In heating steel to harden it, especial care is necessary, particularly when the tool is one finished to size, if its form is slight or irregular, or if it is a very long one, because unless the conditions both of heating and cooling be such that the temperature is raised and lowered uniformly throughout the mass, a change of form known as warping will ensue. If one part gets hotter than another it expands more, and the form of the steel undergoes the change necessary to accommodate this local expansion, and this alteration of shape becomes permanent. In work finished and fitted this is of very great consideration, and, in the case of tools, it often assumes sufficient importance to entirely destroy their value. If, then, an article has a thin side, it requires to be so manipulated in the fire that such side shall not become heated in advance of the rest of the body of the metal, or it will become locally distorted or warped, because, though there may exist but little difference in the temperature of the various parts, the more solid parts are too strong to give way to permit the expansion: hence the latter is accommodated at the expense of the form of the weakest part of the article.

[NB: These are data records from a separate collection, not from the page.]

(* The allegories $\mathsf{StoneE}^\mathsf{R}$ and $\mathsf{SubS5^S}$ are equivalent. The equivalence sends an $\mathsf{S5}$-subordination space $(X,E)$ to $(\mathsf{Clop}(X),S_E)$ and a compatible closed relation $R$ to $S_R$, and its quasi-inverse sends an $\mathsf{S5}$-subordination algebra $(B,S)$ to $(\mathsf{Ult}(B),R_S)$ and a compatible subordination $T$ to $R_T$.
   Context: For a closed relation $R$ between Stone spaces, $S_R$ is the relation between clopen algebras given by $U\mathrel{S_R}V\iff R[U]\subseteq V$; for a relation $S$ between boolean algebras, $R_S$ is the relation between ultrafilter spaces given by $x\mathrel{R_S}y\iff S[x]\subseteq y$. A subordination $S\colon A\to B$ between boolean algebras is a relation satisfying: (S1) $0\mathrel{S}0$, $1\mathrel{S}1$; (S2) $a,b\mathrel{S}c\Rightarrow(a\vee b)\mathrel{S}c$; (S3) $a\mathrel{S}c,d\Rightarrow a\mathrel{S}(c\wedge d)$; (S4) $a\le b\mathrel{S}c\le d\Rightarrow a\mathrel{S}d$. An $\mathsf{S5}$-subordination on $B$ is a subordination $S\colon B\to B$ satisfying (S5) $a\mathrel{S}b\Rightarrow a\le b$; (S6) $a\mathrel{S}b\Rightarrow\neg b\mathrel{S}\neg a$; (S7) $a\mathrel{S}b\Rightarrow\exists c\,(a\mathrel{S}c$ and $c\mathrel{S}b)$. $\mathsf{StoneE}^\mathsf{R}$: objects are pairs $(X,E)$ with $X$ a Stone space and $E$ a closed equivalence relation on $X$ ($\mathsf{S5}$-subordination spaces); morphisms $(X,E)\to(X',E')$ are closed relations $R\subseteq X\times X'$ with $R\circ E=R=E'\circ R$ (compatible closed relations); identity on $(X,E)$ is $E$; composition is relational composition; hom-sets ordered by inclusion; dagger is converse relation. $\mathsf{SubS5^S}$: objects are pairs $(B,S)$ with $B$ a boolean algebra and $S$ an $\mathsf{S5}$-subordination ($\mathsf{S5}$-subordination algebras); morphisms $(B,S)\to(B',S')$ are subordinations $T\colon B\to B'$ with $T\circ S=T=S'\circ T$ (compatible subordinations); identity on $(B,S)$ is $S$; composition relational; hom-sets ordered by reverse inclusion; dagger $T^\dagger$ given by $b\mathrel{T^\dagger}a$ iff $\neg a\mathrel{T}\neg b$. An allegory is an order-enriched dagger category with binary meets in hom-sets, monotone dagger, and modular law $gf\wedge h\le(g\wedge hf^\dagger)f$; an equivalence of allegories is a functor that is an equivalence of categories, preserves binary meets of morphisms and commutes with daggers. *)

From HB Require Import structures.
From mathcomp Require Import all_ssreflect_compat all_algebra.
From mathcomp Require Import all_classical topology.
Import Order.Theory.
Set Implicit Arguments. Unset Strict Implicit. Unset Printing Implicit Defensive.
Local Open Scope classical_set_scope.

Definition stone_space (X : topologicalType) : Prop :=
  [/\ compact [set: X], hausdorff_space X & zero_dimensional X].

Definition clopb (X : topologicalType) : {pred (set X)} := fun A => `[< clopen A >].

Arguments clopb : clear implicits.
Record Clop (X : topologicalType) := ClopSet { clop_val :> set X; clop_valP : clopb X clop_val }.

Section ClopInstances.
Variable X : topologicalType.
HB.instance Definition _ := [isSub for @clop_val X].
HB.instance Definition _ := [Choice of Clop X by <:].

Lemma clopb_meet : {in clopb X &, forall u v, (u `&` v)%O \in clopb X}.
Proof.
move=> A B /asboolP [oA cA] /asboolP [oB cB]; apply/asboolP; split.
  exact: openI. exact: closedI.
Qed.
Lemma clopb_join : {in clopb X &, forall u v, (u `|` v)%O \in clopb X}.
Proof.
move=> A B /asboolP [oA cA] /asboolP [oB cB]; apply/asboolP; split.
  exact: openU. exact: closedU.
Qed.
Lemma clopb_bot : (\bot%O : set X) \in clopb X.
Proof. by apply/asboolP; split; [exact: open0 | exact: closed0]. Qed.
Lemma clopb_top : (\top%O : set X) \in clopb X.
Proof. by apply/asboolP; split; [exact: openT | exact: closedT]. Qed.

HB.instance Definition _ := Order.SubChoice_isTBSubLattice.Build
  _ _ (clopb X) set_display (Clop X)
  clopb_meet clopb_join clopb_bot clopb_top.


Lemma clop_meetUl : @left_distributive (Clop X) (Clop X) Order.meet Order.join.
Proof.
move=> x y z; apply: val_inj.
by rewrite /= meetUl.
Qed.
HB.instance Definition _ := Order.Lattice_Meet_isDistrLattice.Build _ (Clop X) clop_meetUl.

Lemma clopb_compl (A : Clop X) : (~` (val A))%O \in clopb X.
Proof.
have /asboolP [oA cA] := clop_valP A; apply/asboolP; split.
  exact: closed_openC. exact: open_closedC.
Qed.
Definition clop_compl (A : Clop X) : Clop X := ClopSet (clopb_compl A).
Lemma clop_joinxC (A : Clop X) : (A `|` clop_compl A)%O = \top%O.
Proof. apply: val_inj; by rewrite /= joinxC. Qed.
Lemma clop_meetxC (A : Clop X) : (A `&` clop_compl A)%O = \bot%O.
Proof. apply: val_inj; by rewrite /= meetxC. Qed.
HB.instance Definition _ := Order.TBDistrLattice_hasComplement.Build _ (Clop X) clop_joinxC clop_meetxC.
End ClopInstances.

Section Ultrafilters.
Context {d : Order.disp_t} (B : ctbDistrLatticeType d).
Local Open Scope order_scope.

Definition is_filter (F : set B) : Prop :=
  [/\ F \top,
      (forall a b, F a -> F b -> F (a `&` b)) &
      (forall a b, F a -> a <= b -> F b)].

Definition proper_filter (F : set B) : Prop := is_filter F /\ ~ F \bot.

Definition ultrafilter (F : set B) : Prop :=
  proper_filter F /\ (forall G, proper_filter G -> F `<=` G -> G = F).

Definition Ult : Type := set_type ultrafilter.
HB.instance Definition _ := Choice.on Ult.

Definition ult_basic : set (set Ult) :=
  [set [set x : Ult | (val x) a] | a in [set: B]].

HB.instance Definition _ :=
  isSubBaseTopological.Build Ult ult_basic id.
End Ultrafilters.
Arguments Ult {d} B.

(* rcomp R R' is the relational composite "first R, then R'",
   i.e. R' o R in the usual notation.                                       *)
Definition rcomp {X Y Z : Type} (R : set (X * Y)) (R' : set (Y * Z)) : set (X * Z) :=
  [set p | exists y, R (p.1, y) /\ R' (y, p.2)].

Definition rconv {X Y : Type} (R : set (X * Y)) : set (Y * X) :=
  [set p | R (p.2, p.1)].

Definition rimage {X Y : Type} (R : set (X * Y)) (U : set X) : set Y :=
  [set y | exists2 x, U x & R (x, y)].

Definition closed_equiv {X : topologicalType} (E : set (X * X)) : Prop :=
  [/\ closed E, (forall x, E (x, x)),
      (forall x y, E (x, y) -> E (y, x)) &
      (forall x y z, E (x, y) -> E (y, z) -> E (x, z))].

Definition compat_closed_rel {X Y : topologicalType}
  (E : set (X * X)) (E' : set (Y * Y)) (R : set (X * Y)) : Prop :=
  [/\ closed R, rcomp E R = R & rcomp R E' = R].

Definition is_meet_ccr {X Y : topologicalType}
  (E : set (X * X)) (E' : set (Y * Y)) (R1 R2 M : set (X * Y)) : Prop :=
  [/\ compat_closed_rel E E' M, M `<=` R1, M `<=` R2 &
      (forall N, compat_closed_rel E E' N -> N `<=` R1 -> N `<=` R2 -> N `<=` M)].

Definition bcomp {A B C : Type} (T : A -> B -> Prop) (T' : B -> C -> Prop) : A -> C -> Prop :=
  fun a c => exists b, T a b /\ T' b c.

Definition brel_sub {A B : Type} (T T' : A -> B -> Prop) : Prop :=
  forall a b, T a b -> T' a b.

Section Subordinations.
Local Open Scope order_scope.
Context {dA dB : Order.disp_t} {A : ctbDistrLatticeType dA} {B : ctbDistrLatticeType dB}.

Definition subordination (S : A -> B -> Prop) : Prop :=
  [/\ S \bot \bot /\ S \top \top,
      (forall a b c, S a c -> S b c -> S (a `|` b) c),
      (forall a c e, S a c -> S a e -> S a (c `&` e)) &
      (forall a b c e, a <= b -> S b c -> c <= e -> S a e)].

Definition bdag (T : A -> B -> Prop) : B -> A -> Prop :=
  fun b a => T (~` a) (~` b).

Definition RS (T : A -> B -> Prop) : set (Ult A * Ult B) :=
  [set p | [set b | exists2 a, val p.1 a & T a b] `<=` val p.2].
End Subordinations.

Definition S5_subordination {d : Order.disp_t} {B : ctbDistrLatticeType d}
  (S : B -> B -> Prop) : Prop :=
  [/\ subordination S,
      (forall a b, S a b -> (a <= b)%O),
      (forall a b, S a b -> S (~` b)%O (~` a)%O) &
      (forall a b, S a b -> exists c, S a c /\ S c b)].

Definition compat_sub {dA dB : Order.disp_t}
  {A : ctbDistrLatticeType dA} {B : ctbDistrLatticeType dB}
  (S : A -> A -> Prop) (S' : B -> B -> Prop) (T : A -> B -> Prop) : Prop :=
  [/\ subordination T, bcomp S T = T & bcomp T S' = T].

(* M is the binary meet of T1, T2 in the hom-poset SubS5^S((A,S),(B,S'))
   ordered by REVERSE inclusion (T <= T' iff T' \subseteq T) *)
Definition is_meet_csub {dA dB : Order.disp_t}
  {A : ctbDistrLatticeType dA} {B : ctbDistrLatticeType dB}
  (S : A -> A -> Prop) (S' : B -> B -> Prop) (T1 T2 M : A -> B -> Prop) : Prop :=
  [/\ compat_sub S S' M, brel_sub T1 M, brel_sub T2 M &
      (forall N, compat_sub S S' N -> brel_sub T1 N -> brel_sub T2 N -> brel_sub M N)].

Definition SR {X Y : topologicalType} (R : set (X * Y)) : Clop X -> Clop Y -> Prop :=
  fun U V => rimage R (clop_val U) `<=` clop_val V.

From HB Require Import structures.
From mathcomp Require Import all_ssreflect_compat all_algebra.
From mathcomp Require Import all_classical topology.
Import Order.Theory.
Set Implicit Arguments. Unset Strict Implicit. Unset Printing Implicit Defensive.
Local Open Scope classical_set_scope.

(* Everything rests on Stone duality.  The clopens of Ult B are exactly the basic
   sets of ultrafilters containing some b, and a closed relation R is recovered
   from S_R because a pair outside R is separated by a clopen rectangle.  S_ is
   functorial by clopen interpolation: images of compact sets under closed
   relations are closed, so a clopen can be fitted between R[U] and the
   complement of R'^-1[~W].  R_ is functorial by the prime filter theorem, which
   lifts a filter along a subordination to an ultrafilter.  The unit and counit
   are the relations induced by the homeomorphism x |-> {clopens containing x}
   and by the isomorphism b |-> {ultrafilters containing b}. *)

Section Ultrafilters.
Context {d : Order.disp_t} (B : ctbDistrLatticeType d).
Local Open Scope order_scope.
Implicit Types (a b c : B) (F I : set B) (x : Ult B).

Definition ideal I : Prop :=
  [/\ I \bot, (forall a b, I a -> I b -> I (a `|` b)) &
      (forall a b, I b -> a <= b -> I a)].

Lemma is_filter_upset a : is_filter [set c | a <= c].
Proof.
split=> /= [|c e ac ae|c e ac ce]; first exact: lex1.
  by rewrite lexI ac ae.
exact: le_trans ce.
Qed.

Lemma ideal_downset b : ideal [set c | c <= b].
Proof.
split=> /= [|c e cb eb|c e eb ce]; first exact: le0x.
  by rewrite leUx cb eb.
exact: le_trans eb.
Qed.

Definition filter_adjoin F c : set B := [set e | exists2 f, F f & f `&` c <= e].

Lemma is_filter_adjoin F c : is_filter F -> is_filter (filter_adjoin F c).
Proof.
case=> FT FI _; split=> [|e1 e2 [f1 F1 h1] [f2 F2 h2]|e1 e2 [f F1 h1] h2].
- by exists \top; last exact: lex1.
- exists (f1 `&` f2); first exact: FI.
  rewrite lexI (le_trans _ h1) ?(le_trans _ h2) //; apply: leI2 => //.
    exact: leIr.
  exact: leIl.
- by exists f; last exact: le_trans h2.
Qed.

Lemma sub_filter_adjoin F c : F `<=` filter_adjoin F c.
Proof. by move=> f Ff; exists f => //; exact: leIl. Qed.

Lemma filter_adjoin_self F c : F \top -> filter_adjoin F c c.
Proof. by move=> FT; exists \top => //; rewrite meetC leIl. Qed.

Lemma ultrafilterP F :
  proper_filter F -> (forall a, F a \/ F (~` a)) -> ultrafilter F.
Proof.
move=> FP Fem; split=> // G [[_ GI _] G0] FG; apply/seteqP; split=> // g Gg.
by case: (Fem g) => // /FG GNg; case: G0; rewrite -(meetxC g); exact: GI.
Qed.

Lemma ult_filter x : is_filter (val x).
Proof. by have /set_mem [[]] := valP x. Qed.

Lemma ult_proper x : ~ val x \bot.
Proof. by have /set_mem [[]] := valP x. Qed.

Lemma ult_max x G : proper_filter G -> val x `<=` G -> G = val x.
Proof. by have /set_mem [_] := valP x; apply. Qed.

Lemma ult_top x : val x \top.
Proof. by case: (ult_filter x). Qed.

Lemma ult_meet x a b : val x a -> val x b -> val x (a `&` b).
Proof. by case: (ult_filter x) => _ + _; apply. Qed.

Lemma ult_up x a b : val x a -> a <= b -> val x b.
Proof. by case: (ult_filter x) => _ _; apply. Qed.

Pieces, such as long taps, are very apt to warp both in the fire and in the water. In heating, they should rest upon an even bed of coked coal, and be revolved almost continuously while moved endways in the fire; or when the length is excessive, they may be rested in a heated tube, so that they may not bend of their own weight. So, likewise, spirals may be heated upon cylindrical pieces of iron or tubes to prevent their own weight from bending or disarranging the coils.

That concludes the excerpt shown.